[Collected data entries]
Lemma dynkin_preimage_agree : dynkin preimage_agree.
Proof.
have muE : (mu E < +oo)%E by have /fin_numPlt/andP[] := fin_num_measure mu E mE.
split.
- by rewrite /preimage_agree /= !preimage_setT !setTI.
- move=> B [m1 m2 e]; rewrite /preimage_agree /=.
  have preC Y : Y @^-1` (~` B) `&` E = E `\` (Y @^-1` B `&` E).
    apply/seteqP; split=> w /= [w1 w2]; split=> //; first by case.
    by move=> BY; exact: w2.
  rewrite !preC; split; [exact: measurableD | exact: measurableD |].
  have EI A : E `&` (A `&` E) = A `&` E by rewrite setIC -setIA setIid.
  by rewrite !measureD // !EI; congr (_ - _)%E; exact: e.
- move=> F tF agF.
  have preU Y : Y @^-1` (\bigcup_n F n) `&` E = \bigcup_n (Y @^-1` F n `&` E).
    by rewrite preimage_bigcup setI_bigcupl.
  have tY Y : trivIset setT (fun n => Y @^-1` F n `&` E).
    by move=> i j _ _ [w [[Fi _] [Fj _]]]; apply: (tF i j) => //; exists (Y w).
  rewrite /preimage_agree /= !preU; split.
  + by apply: bigcup_measurable => n _; case: (agF n).
  + by apply: bigcup_measurable => n _; case: (agF n).
  + rewrite !measure_bigcup //=; try by move=> n _; case: (agF n).
    by apply: eq_eseriesr => n _; case: (agF n).
Qed.

Lemma sigma_preimage_agree (G : set (set T)) : setI_closed G ->
  G `<=` preimage_agree -> <<s G >> `<=` preimage_agree.
Proof.
move=> GI Gag; apply: (lambda_system_subset GI) => //.
exact/dynkin_lambda_system/dynkin_preimage_agree.
Qed.

End PreimageAgreement.

Section Cylinders.
Variable T : Type.
Implicit Types (a b : nat -> T) (p q : (nat -> T) * (nat -> T)).

Definition cylinder (M : nat) a b : set ((nat -> T) * (nat -> T)) :=
  [set p | forall r, (r < M)%N -> p.1 r = a r /\ p.2 r = b r].

Definition long_cylinders (k : nat) : set (set ((nat -> T) * (nat -> T))) :=
  [set A | A = set0 \/ exists M a b, (k < M)%N /\ A = cylinder M a b].

Definition prefix_determined (M : nat) (A : set ((nat -> T) * (nat -> T))) :=
  forall p q, (forall r, (r < M)%N -> p.1 r = q.1 r /\ p.2 r = q.2 r) -> A p -> A q.

Lemma long_cylindersI k M A a b : (k < M)%N -> prefix_determined M A ->
  long_cylinders k (A `&` cylinder M a b).
Proof.
move=> kM detA; have [[p [Ap pab]]|none] := pselect (A `&` cylinder M a b !=set0).
  right; exists M, a, b; split=> //; apply/seteqP; split=> [q [] //|q qab].
  split=> //; apply: detA Ap => r rM.
  by have [-> ->] := pab r rM; have [-> ->] := qab r rM.
by left; apply/seteqP; split=> // q Aq; apply: none; exists q.
Qed.

Lemma prefix_determined_cylinder M M' a b : (M <= M')%N ->
  prefix_determined M' (cylinder M a b).
Proof.
move=> MM' p q pq pab r rM; have [<- <-] := pq r (leq_trans rM MM').
exact: pab.
Qed.

Lemma setI_closed_long_cylinders k : setI_closed (long_cylinders k).
Proof.
have cylindersI M a b M' a' b' : (M <= M')%N -> (k < M')%N ->
    long_cylinders k (cylinder M a b `&` cylinder M' a' b').
  by move=> MM' kM'; exact: long_cylindersI kM' (prefix_determined_cylinder MM').
move=> A B [->|[M [a [b [kM ->]]]]]; first by rewrite set0I; left.
move=> [->|[M' [a' [b' [kM' ->]]]]]; first by rewrite setI0; left.
case: (leqP M M') => [MM'|/ltnW M'M]; first exact: cylindersI.
by rewrite setIC; exact: cylindersI.
Qed.

End Cylinders.

Definition prefix_cylinder (M n : nat) : set ((nat -> Z4) * (nat -> Z4)) :=
  if unpickle n is Some l then
    cylinder M (fun r => (nth (0, 0) l r).1) (fun r => (nth (0, 0) l r).2)
  else set0.

Lemma bigcup_prefix_cylinder M : \bigcup_n prefix_cylinder M n = setT.
Proof.
apply/seteqP; split=> // p _.
exists (pickle [seq (p.1 r, p.2 r) | r <- iota 0 M]) => //.
rewrite /prefix_cylinder pickleK => r rM /=.
by rewrite (nth_map 0%N) ?size_iota // nth_iota.
Qed.

Lemma sigma_long_cylinders_prefix_determined k M A : (k < M)%N ->
  prefix_determined M A -> <<s @long_cylinders Z4 k >> A.
Proof.
move=> kM detA.
rewrite -(setIT A) -(bigcup_prefix_cylinder M) setI_bigcupr.
apply: sigma_algebra_bigcup => n; apply: sub_sigma_algebra.
rewrite /prefix_cylinder; case: unpickle => [l|]; first exact: long_cylindersI.
by rewrite setI0; left.
Qed.

Lemma seq_pair_measurable_long_cylinders k :
  <<s seq_pair_cylinders >> `<=` <<s @long_cylinders Z4 k >>.
Proof.
apply: smallest_sub; first exact: smallest_sigma_algebra.
move=> A [m [x [->|->]]];
  apply: (@sigma_long_cylinders_prefix_determined _ (maxn m.+1 k.+1));
  rewrite ?leq_max ?ltnSn ?orbT // => p q /(_ m);
  by rewrite leq_max ltnSn => /(_ isT) [e1 e2]; rewrite /mkset -?e1 -?e2.
Qed.

Section SnakeProbability.
Context (R : realType) (theta : Z4 -> R).
Context (d : measure_display) (Omega : measurableType d) (P : probability Omega R).
Context (xi : nat -> Omega -> Z4) (c : nat -> Omega -> bool) (X : nat -> Omega -> Z4).
Hypotheses (xi_rv : forall i, discrete_rv (xi i)) (c_rv : forall n, discrete_rv (c n))
  (X_rv : forall n, discrete_rv (X n)).
Hypotheses (P_xi : forall i x, P (xi i @^-1` [set x]) = (theta x)%:E)
  (P_c : forall n, P (c n @^-1` [set true]) = (2^-1 : R)%:E)
  (P_X : forall n x, P (X n @^-1` [set x]) = (theta x)%:E).
Hypothesis indep : mutually_independent P (fun a : (nat + nat) + nat =>
  match a with
  | inl (inl i) => preimages (xi i)
  | inl (inr n) => preimages (c n)
  | inr n => preimages (X n)
  end).

Definition atom (cs : seq bool) (v : nat -> Z4) (s : seq nat) (b : nat -> Z4)
    (i : (nat + nat) + nat) : set Omega :=
  match i with
  | inl (inl j) => xi j @^-1` [set v j - v j.+1]
  | inl (inr n) => c n @^-1` [set nth false cs n]
  | inr t => X t @^-1` [set b (index t s) - b (index t s).+1]
  end.

Definition atom_indices (k N : nat) (s : seq nat) : seq ((nat + nat) + nat) :=
  [seq inl (inr n) | n <- iota 0 k] ++ [seq inl (inl j) | j <- iota 0 N] ++
  [seq inr t | t <- s].

Definition atoms_set k N cs v s b : set Omega :=
  [set w | forall i, i \in atom_indices k N s -> atom cs v s b i w].

Lemma uniq_atom_indices k N s : uniq s -> uniq (atom_indices k N s).
Proof.
move=> us; rewrite /atom_indices !cat_uniq !map_inj_uniq ?iota_uniq ?us //=;
  try by move=> ? ? [].
rewrite andbT; apply/andP; split.
  by apply/hasPn => x; rewrite mem_cat => /orP[] /mapP[y _ ->]; apply/mapP => -[].
by apply/hasPn => x /mapP[y _ ->]; apply/mapP => -[].
Qed.

Lemma atoms_setP k N cs v s b w : uniq s ->
  atoms_set k N cs v s b w <->
  [/\ forall n, (n < k)%N -> c n w = nth false cs n,
      forall j, (j < N)%N -> xi j w = v j - v j.+1 &
      forall r, (r < size s)%N -> X (nth 0%N s r) w = b r - b r.+1].
Proof.
move=> us; split=> [atoms | [cw xiw Xw] i].
  split=> [n nk | j jN | r rs].
  - by apply: (atoms (inl (inr n))); rewrite !mem_cat map_f ?mem_iota.
  - by apply: (atoms (inl (inl j))); rewrite !mem_cat map_f ?mem_iota ?orbT.
  - have := atoms (inr (nth 0%N s r)); rewrite /= index_uniq //; apply.
    by rewrite !mem_cat map_f ?mem_nth ?orbT.
rewrite !mem_cat => /orP[|/orP[]] /mapP[y + ->] /=; rewrite ?mem_iota /=.
- exact: cw.
- exact: xiw.
- by move=> ys; have := Xw (index y s); rewrite nth_index // index_mem; apply.
Qed.

Lemma measurable_atoms_set k N cs v s b : measurable (atoms_set k N cs v s b).
Proof.
rewrite (_ : atoms_set _ _ _ _ _ _ =
  \bigcap_(i in [set` atom_indices k N s]) atom cs v s b i) // bigcap_seq.
apply: bigsetI_measurable => -[[j|n]|t] _ /=.
- exact: xi_rv.
- exact: c_rv.
- exact: X_rv.
Qed.

Lemma probability_coin n e : P (c n @^-1` [set e]) = (2^-1 : R)%:E.
Proof.
case: e; first exact: P_c.
rewrite (_ : _ @^-1` _ = ~` (c n @^-1` [set true])); last first.
  by apply/seteqP; split => w /=; case: (c n w).
rewrite probability_setC ?P_c //; last exact: c_rv.
by rewrite -EFinB; congr EFin; field.
Qed.

Lemma probability_atoms_set k N cs v s b : uniq s ->
  P (atoms_set k N cs v s b) =
  ((2^-1 : R) ^+ k * incr_prod theta v 0 N * incr_prod theta b 0 (size s))%:E.
Proof.
move=> us; rewrite [LHS]indep; first last.
- by move=> [[j|n]|t] _ /=; eexists.
- exact: uniq_atom_indices.
rewrite !big_cat !big_map /= !EFinM -muleA; congr (_ * (_ * _))%E.
- under eq_bigr do rewrite probability_coin.
  by rewrite prodEFin big_const_seq count_predT size_iota iter_mulr_1.
- under eq_bigr do rewrite P_xi.
  by rewrite prodEFin /incr_prod /index_iota subn0.
- under eq_bigr do rewrite P_X.
  rewrite prodEFin /incr_prod; congr EFin.
  rewrite (big_nth 0%N) /index_iota subn0; apply: eq_big_seq => r.
  by rewrite mem_iota => /andP[_ rs]; rewrite index_uniq.
Qed.

Definition window_set k M a b : set Omega :=
  [set w | snake_window (xi^~ w) (c^~ w) (X^~ w) k M a b].

Definition coins_set k (cs : seq bool) : set Omega :=
  [set w | forall n, (n < k)%N -> c n w = nth false cs n].

Lemma window_coinsE k M a b cs : (k < M)%N ->
  let p := coin_stack (nth false cs) k in
  window_set k M a b `&` coins_set k cs =
  if compatible M (size p.1) p.2 a b then
    atoms_set k (M.-1 + (p.2 - size p.1)) cs (glued_path M (size p.1) p.2 a b) p.1 b
  else set0.
Proof.
move=> kM p; have us : uniq p.1 := uniq_coin_stack _ _.
apply/seteqP; split=> w.
  move=> [+ cw]; rewrite /window_set /= (snake_window_coins _ _ _ _ _ cw) => win.
  by have [-> xi_v X_b] := snake_window_stack kM win; apply/atoms_setP.
case: ifP => // abc /(@atoms_setP _ _ _ _ _ _ _ us) [cw xi_v X_b]; split=> //.
by rewrite /window_set /= (snake_window_coins _ _ _ _ _ cw); exact: stack_snake_window.
Qed.

Lemma measurable_window_coins k M a b cs : (k < M)%N ->
  measurable (window_set k M a b `&` coins_set k cs).
Proof.
by move=> kM; rewrite window_coinsE //; case: ifP => _ //; exact: measurable_atoms_set.
Qed.

Lemma window_set_coins k M a b :
  window_set k M a b =
  \big[setU/set0]_(cs : k.-tuple bool) (window_set k M a b `&` coins_set k cs).
Proof.
apply/seteqP; split=> [w win|w]; last by rewrite -bigcup_seq => -[cs _ []].
rewrite -bigcup_seq; exists [tuple c i w | i < k]; first by rewrite /= mem_index_enum.
by split=> // n nk; rewrite -[n]/(nat_of_ord (Ordinal nk)) nth_mktuple.
Qed.

Lemma measurable_window_set k M a b : (k < M)%N -> measurable (window_set k M a b).
Proof.
move=> kM; rewrite window_set_coins.
by apply: bigsetU_measurable => cs _; exact: measurable_window_coins.
Qed.

Lemma probability_window_set k M a b : (k < M)%N ->
  P (window_set k M a b) =
  ((2^-1 : R) ^+ k * \sum_(cs : k.-tuple bool) stack_weight theta M k a b cs)%:E.
Proof.
move=> kM; rewrite window_set_coins measure_big_setU_seq ?index_enum_uniq //; first last.
- move=> cs cs' /eqP neq; apply/seteqP; split=> // w [[_ cw] [_ cw']]; apply: neq.
  apply/val_inj/(@eq_from_nth _ false); rewrite ?size_tuple // => n nk.
  by rewrite -cw // -cw'.
- by move=> cs; exact: measurable_window_coins.
rewrite mulr_sumr -sumEFin; apply: eq_bigr => cs _.
rewrite window_coinsE // /stack_weight /snake_weight; case: ifP => _.
  by rewrite mulrA; exact/probability_atoms_set/uniq_coin_stack.
by rewrite measure0 mulr0.
Qed.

● ABOUT THIS EXERCISE
Of the entries listed above, reproduce only the lines starting at the line containing "by rewrite -EFinB; congr EFin; field." and ending at the line containing "- exact: uniq_atom_indices.". Include both, exactly as they stand.

● EXERCISE RESPONSE
by rewrite -EFinB; congr EFin; field.
Qed.

Lemma probability_atoms_set k N cs v s b : uniq s ->
  P (atoms_set k N cs v s b) =
  ((2^-1 : R) ^+ k * incr_prod theta v 0 N * incr_prod theta b 0 (size s))%:E.
Proof.
move=> us; rewrite [LHS]indep; first last.
- by move=> [[j|n]|t] _ /=; eexists.
- exact: uniq_atom_indices.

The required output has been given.